Immunofluorescence test diabetes stage PDX1 protein expression situation, as a result as attached drawing 9 is shown, it is seen that addition Cell growth status is not influenced after WNT signal pathway inhibitor, WNT signal path is being added in the diabetes of the PDX1 positive It is dramatically increased after inhibitor IWR-1;
Immunofluorescence test pancreas maturation beta Cell of islet stage PDX1/INS protein expression situation, as a result such as attached drawing 11 is shown, It can be seen that after diabetes stage WNT signal pathway inhibitor IWR-1 effect, mature beta Cell of islet stage insulin INS The beta Cell of islet quantity that positive and PDX1 contaminates altogether obviously increases.
The result shows that introducing stage WNT signal pathway inhibitor provided by the invention, mature pancreas islet can be greatly improved β cell quantity.

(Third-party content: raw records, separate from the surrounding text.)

(* A homomorphism pi_1(M) -> SL(2,C) is the same as an assignment of the
   generators a, b, x, y to SL(2,C) matrices satisfying the defining relations. *)
Record rep (n : int) := Rep {
  rho_a : M2; rho_b : M2; rho_x : M2; rho_y : M2;
  rho_a_SL : is_SL2 rho_a;
  rho_b_SL : is_SL2 rho_b;
  rho_x_SL : is_SL2 rho_x;
  rho_y_SL : is_SL2 rho_y;
  rel_torus : rho_a ^+ 2 = rho_b ^ (2 * n + 1);
  rel_klein : rho_x ^-1 * rho_y * rho_x = rho_y ^-1;
  rel_mu : mu_word n rho_a rho_b = rho_y ^-1;
  rel_h : fiber_word rho_a = rho_y ^-1 * rho_x ^+ 2
}.

Definition rho_mu (n : int) (r : rep n) : M2 := mu_word n (rho_a r) (rho_b r).

Inductive in_image (n : int) (r : rep n) : M2 -> Prop :=
  | img_one : in_image r 1
  | img_mul g s : in_image r g -> s \in [:: rho_a r; rho_b r; rho_x r; rho_y r] ->
      in_image r (g * s)
  | img_mulV g s : in_image r g -> s \in [:: rho_a r; rho_b r; rho_x r; rho_y r] ->
      in_image r (g * s ^-1).

Definition irreducible_rep (n : int) (r : rep n) : Prop :=
  forall W : {vspace 'cV[C]_2},
    (forall g, in_image r g -> forall v, v \in W -> g *m v \in W) ->
    W = 0%VS \/ W = fullv.

Definition conj_reps (n : int) (r1 r2 : rep n) : Prop :=
  exists P : M2, P \is a GRing.unit /\
    [/\ rho_a r2 = P^-1 * rho_a r1 * P, rho_b r2 = P^-1 * rho_b r1 * P,
        rho_x r2 = P^-1 * rho_x r1 * P & rho_y r2 = P^-1 * rho_y r1 * P].

End TwistSurgeryReps.

(* Write A, B, X, Y for the images of a, b, x, y, so that mu = Y^-1.  Conjugation
   by X inverts Y, hence X^2 commutes with Y.  If X^2 were not scalar, its centralizer
   would be spanned by X^2 and 1; then X commutes with Y, Y = Y^-1 = +-1, and A, B, X, Y
   all commute with X^2 and share an eigenvector, contradicting irreducibility.  So
   X^2 = +-1; X^2 = 1 makes X and Y scalar, again reducible.  Thus X^2 = -1, and the
   relations force B = Y^-2 and A = Y^-(2n+1).  If v is an eigenvector of Y, then
   (v, Xv) is a basis by irreducibility, and in it Y = diag(l, l^-1) and X is the Weyl
   element, which conjugates diag(l, l^-1) to diag(l^-1, l).  So an irreducible
   representation is determined up to conjugacy by {l, l^-1}, the spectrum of mu. *)

From HB Require Import structures.
From mathcomp Require Import all_boot all_order all_algebra.
From mathcomp Require Import complex.
From mathcomp Require Import reals.
From mathcomp Require Import ring.
Import Order.TTheory GRing.Theory Num.Theory.
Local Open Scope ring_scope.
Set Implicit Arguments.
Unset Strict Implicit.
Unset Printing Implicit Defensive.

Section Conjugation.
Variable T : unitRingType.
Implicit Types P Q S x y : T.

Definition conjr Q x := Q^-1 * x * Q.

Lemma conjr1 x : conjr 1 x = x.
Proof. by rewrite /conjr invr1 mul1r mulr1. Qed.

Lemma conjrM Q : Q \is a GRing.unit -> {morph conjr Q : x y / x * y}.
Proof. by move=> uQ x y; rewrite /conjr !mulrA mulrK. Qed.

Lemma conjr_unit Q x : Q \is a GRing.unit ->
  (conjr Q x \is a GRing.unit) = (x \is a GRing.unit).
Proof. by move=> uQ; rewrite /conjr unitrMl // unitrMr ?unitrV. Qed.

Lemma conjrV Q x : Q \is a GRing.unit -> conjr Q x^-1 = (conjr Q x)^-1.
Proof.
move=> uQ; have [ux|nux] := boolP (x \is a GRing.unit).
  by rewrite /conjr !invrM ?unitrMr ?unitrV // invrK mulrA.
by rewrite !invr_out // conjr_unit.
Qed.

Lemma conjrXn Q x m : Q \is a GRing.unit -> conjr Q (x ^+ m) = conjr Q x ^+ m.
Proof.
move=> uQ; elim: m => [|m IHm]; first by rewrite !expr0 /conjr mulr1 mulVr.
by rewrite !exprS conjrM // IHm.
Qed.

Lemma conjrXz Q x (k : int) : Q \is a GRing.unit -> conjr Q (x ^ k) = conjr Q x ^ k.
Proof. by move=> uQ; case: k => m /=; rewrite ?conjrV // conjrXn. Qed.

Lemma conjr_comp P S x : P \is a GRing.unit -> S \is a GRing.unit ->
  conjr S (conjr P x) = conjr (P * S) x.
Proof. by move=> uP uS; rewrite /conjr invrM // !mulrA. Qed.

Lemma conjr_eq_of_mul P x y : P \is a GRing.unit -> x * P = P * y -> conjr P x = y.
Proof. by move=> uP xP; rewrite /conjr -mulrA xP mulKr. Qed.

Lemma conjr_trans P S Q x y z :
  P \is a GRing.unit -> S \is a GRing.unit -> Q \is a GRing.unit ->
  conjr P x = y -> conjr S y = conjr Q z -> z = conjr (P * S * Q^-1) x.
Proof.
move=> uP uS uQ <- Ey.
rewrite -conjr_comp ?unitrMl ?unitrV // -conjr_comp // Ey conjr_comp ?unitrV //.
by rewrite mulrV // conjr1.
Qed.

End Conjugation.

Section Eigenvectors.
Variables (F : fieldType) (m : nat).
Implicit Types (M N Q : 'M[F]_m.+1) (v : 'cV[F]_m.+1).

(* The zero vector qualifies; nonvanishing is always required separately. *)
Definition eigenvector M v := exists c, M *m v = c *: v.

Lemma eigenvector_scalar a v : eigenvector a%:M v.
Proof. by exists a; rewrite mul_scalar_mx. Qed.

Lemma eigenvector_mul M N v :
  eigenvector M v -> eigenvector N v -> eigenvector (M * N) v.
Proof.
move=> [a Ma] [b Nb]; exists (a * b).
by rewrite -mulmxE -mulmxA Nb -scalemxAr Ma scalerA mulrC.
Qed.

Lemma eigenvector_lin M v p q : eigenvector M v -> eigenvector (p *: M + q%:M) v.
Proof.
move=> [a Ma]; exists (p * a + q).
by rewrite mulmxDl -scalemxAl Ma mul_scalar_mx scalerA scalerDl.
Qed.

Lemma inv_eigenpair M v c : M \is a GRing.unit -> v != 0 ->
  M *m v = c *: v -> c != 0 /\ M^-1 *m v = c^-1 *: v.
Proof.
move=> uM vnz Mv.
have vE : v = c *: (M^-1 *m v) by rewrite scalemxAr -Mv mulmxA mulmxE mulVr ?mul1mx.
have cnz : c != 0 by apply: contra_neq vnz => c0; rewrite vE c0 scale0r.
by split; rewrite // {2}vE scalerA mulVf ?scale1r.
Qed.

Lemma eigenvector_inv M v : M \is a GRing.unit ->
  eigenvector M v -> eigenvector M^-1 v.
Proof.
move=> uM [c Mv]; have [->|vnz] := eqVneq v 0; first by exists 0; rewrite mulmx0 scaler0.
by exists c^-1; case: (inv_eigenpair uM vnz Mv).
Qed.

Lemma eigenvector_expz M v (k : int) : M \is a GRing.unit ->
  eigenvector M v -> eigenvector (M ^ k) v.
Proof.
move=> uM Mv; have Mnv (j : nat) : eigenvector (M ^+ j) v.
  elim: j => [|j IHj]; first by rewrite expr0; apply: eigenvector_scalar.
  by rewrite exprS; apply: eigenvector_mul.
by case: k => j /=; [exact: Mnv | exact: eigenvector_inv (unitrX _ uM) (Mnv _)].
Qed.

Lemma eigenvalue_conjr M Q a : Q \is a GRing.unit ->
  eigenvalue (conjr Q M) a = eigenvalue M a.
Proof.
have conjr_sub P N : P \is a GRing.unit -> eigenvalue N a -> eigenvalue (conjr P N) a.
  move=> uP /eigenvalueP[u uN unz]; apply/eigenvalueP; exists (u *m P).
    by rewrite /conjr -!mulmxE !mulmxA -(mulmxA u P) mulmxE mulrV // mulmx1 uN -scalemxAl.
  by rewrite mulmx_free_eq0 // row_free_unit.
move=> uQ; apply/idP/idP; last exact: conjr_sub.
have uQV : Q^-1 \is a GRing.unit by rewrite unitrV.
move=> /(conjr_sub _ _ uQV).
by rewrite /conjr invrK !mulrA mulrK // mulrV // mul1r.
Qed.

End Eigenvectors.

Section Matrix2.
Variable F : fieldType.
Implicit Types (a b c d e f g h : F) (M N : 'M[F]_2) (v w : 'cV[F]_2).

Definition mx2 a b c d : 'M[F]_2 :=
  \matrix_(i, j) if i == 0 :> nat then (if j == 0 :> nat then a else b)
                 else (if j == 0 :> nat then c else d).

Definition col2 a b : 'cV[F]_2 := \col_i if i == 0 :> nat then a else b.

Lemma mx2E M : M = mx2 (M 0 0) (M 0 1) (M 1 0) (M 1 1).
Proof.
by apply/matrixP => -[[|[|i]] Hi] [[|[|j]] Hj]; rewrite mxE //=; congr (M _ _); apply/val_inj.
Qed.

Lemma col2E v : v = col2 (v 0 0) (v 1 0).
Proof.
by apply/matrixP => -[[|[|i]] Hi] j; rewrite mxE (ord1 j) //=; congr (v _ _); apply/val_inj.
Qed.

Lemma mx2_inj a b c d a' b' c' d' :
  mx2 a b c d = mx2 a' b' c' d' -> [/\ a = a', b = b', c = c' & d = d'].
Proof.
move=> E; have := congr1 (fun M : 'M_2 => (M 0 0, M 0 1, M 1 0, M 1 1)) E.
by rewrite !mxE => -[].
Qed.

Lemma col2_eq0 a b : (col2 a b == 0) = (a == 0) && (b == 0).
Proof.
apply/eqP/andP => [E|[/eqP-> /eqP->]].
  by have := congr1 (fun v : 'cV_2 => (v 0 0, v 1 0)) E; rewrite !mxE => -[-> ->].
by apply/matrixP => -[[|[|i]] Hi] j; rewrite !mxE.
Qed.

Lemma mul_mx2 a b c d a' b' c' d' :
  mx2 a b c d * mx2 a' b' c' d' =
  mx2 (a * a' + b * c') (a * b' + b * d') (c * a' + d * c') (c * b' + d * d').
Proof.
apply/matrixP => -[[|[|i]] Hi] [[|[|j]] Hj];
  by rewrite !mxE !big_ord_recl big_ord0 !mxE //= addr0.
Qed.

Lemma mul_mx2_col2 a b c d x y :
  mx2 a b c d *m col2 x y = col2 (a * x + b * y) (c * x + d * y).
Proof.
apply/matrixP => -[[|[|i]] Hi] j;
  by rewrite !mxE !big_ord_recl big_ord0 !mxE //= addr0.
Qed.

3 people of embodiment, which induces multi-potent stem cell, is divided into pancreatic precursor under WNT signal pathway inhibitor XAV-939 induction Cell and mature beta Cell of islet
(1) cell differentiation
1) people, which induces multi-potent stem cell, is divided into definitive endoderm:
A. definitive endoderm stage culture medium 1 is prepared, people is induced multi-potent stem cell Celsius based on 37 using the culture Spend culture 1 day in carbon dioxide incubator;
B. definitive endoderm stage culture medium 2 is prepared, above-mentioned steps will be passed throughaCell after culture is changed to embryo in sizing Layer stage culture medium 2, in cultivating 3 days in 37 degrees Celsius of carbon dioxide incubators, replaces culture medium daily;
The composition of the definitive endoderm stage culture medium 1 are as follows: mixed with 1:1 ratio with IMDM culture medium and F12 culture medium Basal medium is done in conjunction, further includes following working concentration ingredients: 0.2% bovine serum albumin(BSA) (BSA), 1% penicillin, 1% chain Mycin, 100ng/ml recombined human activin-A (Activin A), 50ng/ml Wnt3a albumen, the concentration is final concentration;
The composition of the definitive endoderm stage culture medium 2 are as follows: mixed with 1:1 ratio with IMDM culture medium and F12 culture medium Basal medium is done in conjunction, further includes following working concentration ingredients: 0.2% bovine serum albumin(BSA) (BSA), 1% penicillin, 1% chain Mycin, 100ng/ml recombined human activin-A (Activin A), the concentration is final concentration.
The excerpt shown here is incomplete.